(* For x in [0, xs], z = x + i S x is the point of the upper half-plane with
   |z + mu| = k e^(-x Delta); the remaining phase condition G x = 0 is met
   somewhere since G 0 >= 0 (as Delta >= crit_delay) and G xs = -PI. *)
Lemma char_scalar_root_unstable Delta : 0 < Delta -> crit_delay mu k <= Delta ->
  exists z, char_scalar mu k Delta z = RtoC 0 /\ 0 <= Re z.
Proof.
  intros HD HDcr. destruct (real_crossing Delta HD) as [xs [Hxs Hcross]].
  set (r x := k * exp (- (x * Delta))).
  set (S x := sqrt (r x ^ 2 - (x + mu) ^ 2)).
  set (G x := Delta * S x - PI + atan (S x / (x + mu))).
  assert (Hbelow : forall x, 0 <= x <= xs -> 0 <= r x ^ 2 - (x + mu) ^ 2).
  { intros x Hx. enough (x + mu <= r x) by nra.
    enough (exp (- (xs * Delta)) <= exp (- (x * Delta))) by (unfold r; nra).
    destruct (Req_dec x xs) as [->|]; [lra|]. apply Rlt_le, exp_increasing. nra. }
  assert (HG0 : 0 <= G 0).
  { assert (HS0 : S 0 = crit_freq mu k).
    { unfold S, r, crit_freq. rewrite Rmult_0_l, Ropp_0, exp_0, Rmult_1_r, Rplus_0_l. auto. }
    unfold G. rewrite HS0, Rplus_0_l.
    assert (~ Delta < crit_delay mu k) as Hn by lra. rewrite lt_crit_delay in Hn.
    unfold crit_angle in Hn. lra. }
  assert (HGxs : G xs = - PI).
  { unfold G, S. replace (r xs) with (xs + mu) by (unfold r; lra).
    rewrite Rminus_diag, sqrt_0. unfold Rdiv. rewrite Rmult_0_l, atan_0. ring. }
  assert (HGcont : forall x, 0 <= x <= xs -> continuity_pt G x).
  { intros x Hx. apply continuity_pt_filterlim.
    assert (HScont : continuous S x).
    { apply continuous_sqrt_comp, (ex_derive_continuous (V := R_NormedModule)).
      unfold r. auto_derive. auto. }
    apply (continuous_plus (fun x => Delta * S x - PI)).
    - apply (continuous_minus (fun x => Delta * S x)); [| apply continuous_const].
      apply (continuous_mult (fun _ => Delta)); auto using continuous_const.
    - apply continuous_atan_comp, (continuous_mult S); auto.
      apply (ex_derive_continuous (V := R_NormedModule) (fun x => / (x + mu))).
      auto_derive. lra. }
  destruct (IVT_interv_nonneg_neg G 0 xs) as [x0 [Hx0 HGx0]]; auto.
  { rewrite HGxs. pose proof PI_RGT_0. lra. }
  exists (x0, S x0). split; [| simpl; lra].
  apply char_scalar_root_of_polar; try lra.
  - apply sqrt_pos.
  - unfold S. rewrite <- Rsqr_pow2 with (x := sqrt _), Rsqr_sqrt by auto. fold (r x0). ring.
  - unfold G in HGx0. lra.
Qed.

Lemma char_scalar_stable_iff Delta : 0 < Delta ->
  (forall z, char_scalar mu k Delta z = RtoC 0 -> Re z < 0) <-> Delta < crit_delay mu k.
Proof.
  intros HD. split.
  - intros Hstab. destruct (Rlt_or_le Delta (crit_delay mu k)) as [|HDcr]; auto.
    destruct (char_scalar_root_unstable Delta HD HDcr) as [z [Hz Hre]].
    specialize (Hstab z Hz). lra.
  - intros HDcr z. apply char_scalar_roots_stable; auto.
Qed.

End ScalarCharacteristicEquation.

(** * Linearization about an equilibrium *)

Definition delayed_gain (lam th al eps ah q1 q2 : R) : R :=
  lam * th * w1 th al eps ah q1 * w2 th al q2 / (w1 th al eps ah q1 + w2 th al q2) ^ 2.

Lemma Ajac_eq lam mu th al eps ah q1 q2 i j :
  Ajac lam mu th al eps ah q1 q2 i j = if Bool.eqb i j then - mu else 0.
Proof.
  destruct i, j; unfold Ajac, Fi, F1, F2; simpl;
    apply is_derive_unique; auto_derive; auto; ring.
Qed.

Lemma Bjac_eq lam mu th al eps ah q1 q2 i j :
  Bjac lam mu th al eps ah q1 q2 i j =
  (if Bool.eqb i j then -1 else 1) * delayed_gain lam th al eps ah q1 q2.
Proof.
  pose proof (exp_pos (- th * q1 + (al + eps * ah))).
  pose proof (exp_pos (- th * q2 + al)).
  destruct i, j; unfold Bjac, Fi, F1, F2, delayed_gain, w1, w2 in *; simpl;
    apply is_derive_unique; auto_derive; try lra; field; lra.
Qed.

Lemma char_fn_factor lam mu th al eps ah q1 q2 Delta z :
  char_fn lam mu th al eps ah q1 q2 Delta z =
  Cmult (Cplus z (RtoC mu))
        (char_scalar mu (2 * delayed_gain lam th al eps ah q1 q2) Delta z).
Proof.
  unfold char_fn, char_scalar. cbv zeta. rewrite !Ajac_eq, !Bjac_eq. simpl.
  set (e := cexp (Copp (Cmult z (RtoC Delta)))).
  destruct z as [x y], e as [e1 e2].
  unfold Cminus, Cplus, Cmult, Copp, RtoC; simpl. f_equal; ring.
Qed.

Lemma lin_asympt_stable_iff lam mu th al eps ah q1 q2 Delta :
  0 < mu < 2 * delayed_gain lam th al eps ah q1 q2 -> 0 < Delta ->
  lin_asympt_stable lam mu th al eps ah q1 q2 Delta <->
  Delta < crit_delay mu (2 * delayed_gain lam th al eps ah q1 q2).
Proof.
  intros Hk HD. rewrite <- char_scalar_stable_iff by auto.
  unfold lin_asympt_stable. setoid_rewrite char_fn_factor.
  split; intros Hstab z Hz.
  - apply Hstab. rewrite Hz. apply Cmult_0_r.
  - destruct (classic (Cplus z (RtoC mu) = RtoC 0)) as [Hmu|Hmu].
    + destruct z as [x y]. injection Hmu. simpl. lra.
    + destruct (classic (char_scalar mu (2 * delayed_gain lam th al eps ah q1 q2) Delta z = RtoC 0))
        as [Hc|Hc]; auto.
      exfalso. exact (Cmult_neq_0 _ _ Hmu Hc Hz).
Qed.

(** * Equilibria *)

(* At equilibrium the difference s = P1 - P2 of the routing probabilities
   satisfies (1 + s) / (1 - s) = exp (c - a s), with a = lam th / mu and c = eps ah. *)
Definition imbalance_eq (a c s : R) : R := (1 + s) - (1 - s) * exp (- (a * s) + c).

Definition imbalance_sig (a c : R) : {s | -1 <= s <= 1 /\ imbalance_eq a c s = 0}.
Proof.
  apply IVT.
  - intros x. apply continuity_pt_ex_derive. unfold imbalance_eq. auto_derive. auto.
  - lra.
  - unfold imbalance_eq. pose proof (exp_pos (- (a * -1) + c)). lra.
  - unfold imbalance_eq. pose proof (exp_pos (- (a * 1) + c)). lra.
Defined.

Definition imbalance (a c : R) : R := proj1_sig (imbalance_sig a c).

Lemma imbalance_spec a c : -1 < imbalance a c < 1 /\ imbalance_eq a c (imbalance a c) = 0.
Proof.
  unfold imbalance. destruct (imbalance_sig a c) as [s [Hs Hp]]. simpl.
  unfold imbalance_eq in *. pose proof (exp_pos (- (a * s) + c)).
  split; auto. split.
  - destruct (Req_dec s (-1)) as [->|]; lra.
  - destruct (Req_dec s 1) as [->|]; lra.
Qed.

Lemma imbalance_eq_increasing a c s t : 0 < a -> s < t -> t <= 1 ->
  imbalance_eq a c s < imbalance_eq a c t.
Proof.
  intros Ha Hst Ht. unfold imbalance_eq.
  assert (exp (- (a * t) + c) < exp (- (a * s) + c)) by (apply exp_increasing; nra).
  pose proof (exp_pos (- (a * t) + c)). nra.
Qed.

Lemma imbalance_unique a c s : 0 < a -> -1 <= s <= 1 -> imbalance_eq a c s = 0 ->
  s = imbalance a c.
Proof.
  intros Ha Hs Hp. destruct (imbalance_spec a c) as [Hb Hbp].
  destruct (Rtotal_order s (imbalance a c)) as [H|[H|H]]; auto.
  - pose proof (imbalance_eq_increasing a c _ _ Ha H ltac:(lra)). lra.
  - pose proof (imbalance_eq_increasing a c _ _ Ha H ltac:(lra)). lra.
Qed.

Lemma imbalance_ln a c :
  ln (1 + imbalance a c) - ln (1 - imbalance a c) = c - a * imbalance a c.
Proof.
  destruct (imbalance_spec a c) as [Hs Hp]. set (s := imbalance a c) in *.
  unfold imbalance_eq in Hp.
  replace (1 + s) with ((1 - s) * exp (- (a * s) + c)) by lra.
  rewrite ln_mult, ln_exp by (lra || apply exp_pos). ring.
Qed.

Lemma imbalance_bound a c : 0 < a -> Rabs (imbalance a c) <= Rabs c / a.
Proof.
  intros Ha. destruct (imbalance_spec a c) as [Hs Hp]. set (s := imbalance a c) in *.
  unfold imbalance_eq in Hp. pose proof (exp_pos (- (a * s) + c)).
  apply (Rmult_le_reg_l a); auto. replace (a * (Rabs c / a)) with (Rabs c) by (field; lra).
  destruct (Rle_or_lt (a * Rabs s) (Rabs c)) as [|Hgt]; auto. exfalso.
  revert Hgt. unfold Rabs; destruct (Rcase_abs s), (Rcase_abs c); intros Hgt.
  1, 2: assert (1 < exp (- (a * s) + c)) by (rewrite <- exp_0; apply exp_increasing; nra); nra.
  all: assert (exp (- (a * s) + c) < 1) by (rewrite <- exp_0; apply exp_increasing; nra); nra.
Qed.

Lemma w1_w2 th al eps ah q1 q2 :
  w1 th al eps ah q1 = w2 th al q2 * exp (- (th * (q1 - q2)) + eps * ah).
Proof. unfold w1, w2. rewrite <- exp_plus. f_equal. ring. Qed.

Lemma equilibrium_delayed_gain lam mu th al eps ah q1 q2 :
  0 < lam -> 0 < mu -> 0 < th -> is_equilibrium lam mu th al eps ah q1 q2 ->
  2 * delayed_gain lam th al eps ah q1 q2 =
  lam * th / 2 * (1 - imbalance (lam * th / mu) (eps * ah) ^ 2).
Proof.
  intros Hl Hm Ht [E1 E2]. unfold F1, F2 in E1, E2.
  pose proof (exp_pos (- th * q1 + (al + eps * ah))) as Hv1.
  pose proof (exp_pos (- th * q2 + al)) as Hv2.
  pose proof (w1_w2 th al eps ah q1 q2) as Hw.
  unfold delayed_gain. unfold w1, w2 in *.
  set (v1 := exp (- th * q1 + (al + eps * ah))) in *.
  set (v2 := exp (- th * q2 + al)) in *.
  set (P := v1 / (v1 + v2)) in *.
  assert (HP : 0 < P < 1).
  { unfold P. split; [apply Rdiv_lt_0_compat; lra|].
    apply (Rmult_lt_reg_r (v1 + v2)); [lra|]. unfold Rdiv. rewrite Rmult_assoc, Rinv_l; lra. }
  assert (HQ : v2 / (v1 + v2) = 1 - P) by (unfold P; field; lra).
  rewrite HQ in E2.
  assert (Hq12 : th * (q1 - q2) = lam * th / mu * (2 * P - 1))
    by (apply (Rmult_eq_reg_l mu); [| lra]; field_simplify; nra).
  assert (Hs : 2 * P - 1 = imbalance (lam * th / mu) (eps * ah)).
  { apply imbalance_unique; [apply Rdiv_lt_0_compat; nra| lra|].
    unfold imbalance_eq. rewrite <- Hq12.
    replace (exp (- (th * (q1 - q2)) + eps * ah)) with (v1 / v2) by (rewrite Hw; field; lra).
    unfold P. field. lra. }
  rewrite <- Hs.
  replace (lam * th * v1 * v2 / (v1 + v2) ^ 2) with (lam * th * P * (1 - P))
    by (rewrite <- HQ; unfold P; field; lra).
  field.
Qed.

Lemma equilibrium_exists lam mu th al eps ah : 0 < mu ->
  is_equilibrium lam mu th al eps ah
    (lam * (1 + imbalance (lam * th / mu) (eps * ah)) / (2 * mu))
    (lam * (1 - imbalance (lam * th / mu) (eps * ah)) / (2 * mu)).
Proof.
  intros Hm. set (a := lam * th / mu). set (c := eps * ah).
  destruct (imbalance_spec a c) as [Hs Hp]. set (s := imbalance a c) in *.
  unfold imbalance_eq in Hp.
  set (E := exp (- (a * s) + c)) in *. pose proof (exp_pos (- (a * s) + c)) as HE.
  set (q1 := lam * (1 + s) / (2 * mu)). set (q2 := lam * (1 - s) / (2 * mu)).
  assert (Hw : w1 th al eps ah q1 = w2 th al q2 * E).
  { rewrite (w1_w2 th al eps ah q1 q2). unfold E, q1, q2, a, c. do 3 f_equal. field. lra. }
  pose proof (exp_pos (- th * q2 + al)) as Hv2. fold (w2 th al q2) in Hv2.
  unfold is_equilibrium, F1, F2. rewrite Hw.
  set (v2 := w2 th al q2) in *.
  assert (HsE : (1 - s) * (E + 1) = 2) by lra.
  replace (v2 * E / (v2 * E + v2)) with ((1 + s) / 2)
    by (field_simplify_eq; [nra | nra]).
  replace (v2 / (v2 * E + v2)) with ((1 - s) / 2) by (field_simplify_eq; [nra | nra]).
  unfold q1, q2. split; field; lra.
Qed.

*WORK TO COMPLETE*
Starting at the line that contains "set (v2 := w2 th al q2) in *.", output every remaining line of the data exactly, and stop after the last one.

*ANSWER TO THIS PROBLEM*
  set (v2 := w2 th al q2) in *.
  assert (HsE : (1 - s) * (E + 1) = 2) by lra.
  replace (v2 * E / (v2 * E + v2)) with ((1 + s) / 2)
    by (field_simplify_eq; [nra | nra]).
  replace (v2 / (v2 * E + v2)) with ((1 - s) / 2) by (field_simplify_eq; [nra | nra]).
  unfold q1, q2. split; field; lra.
Qed.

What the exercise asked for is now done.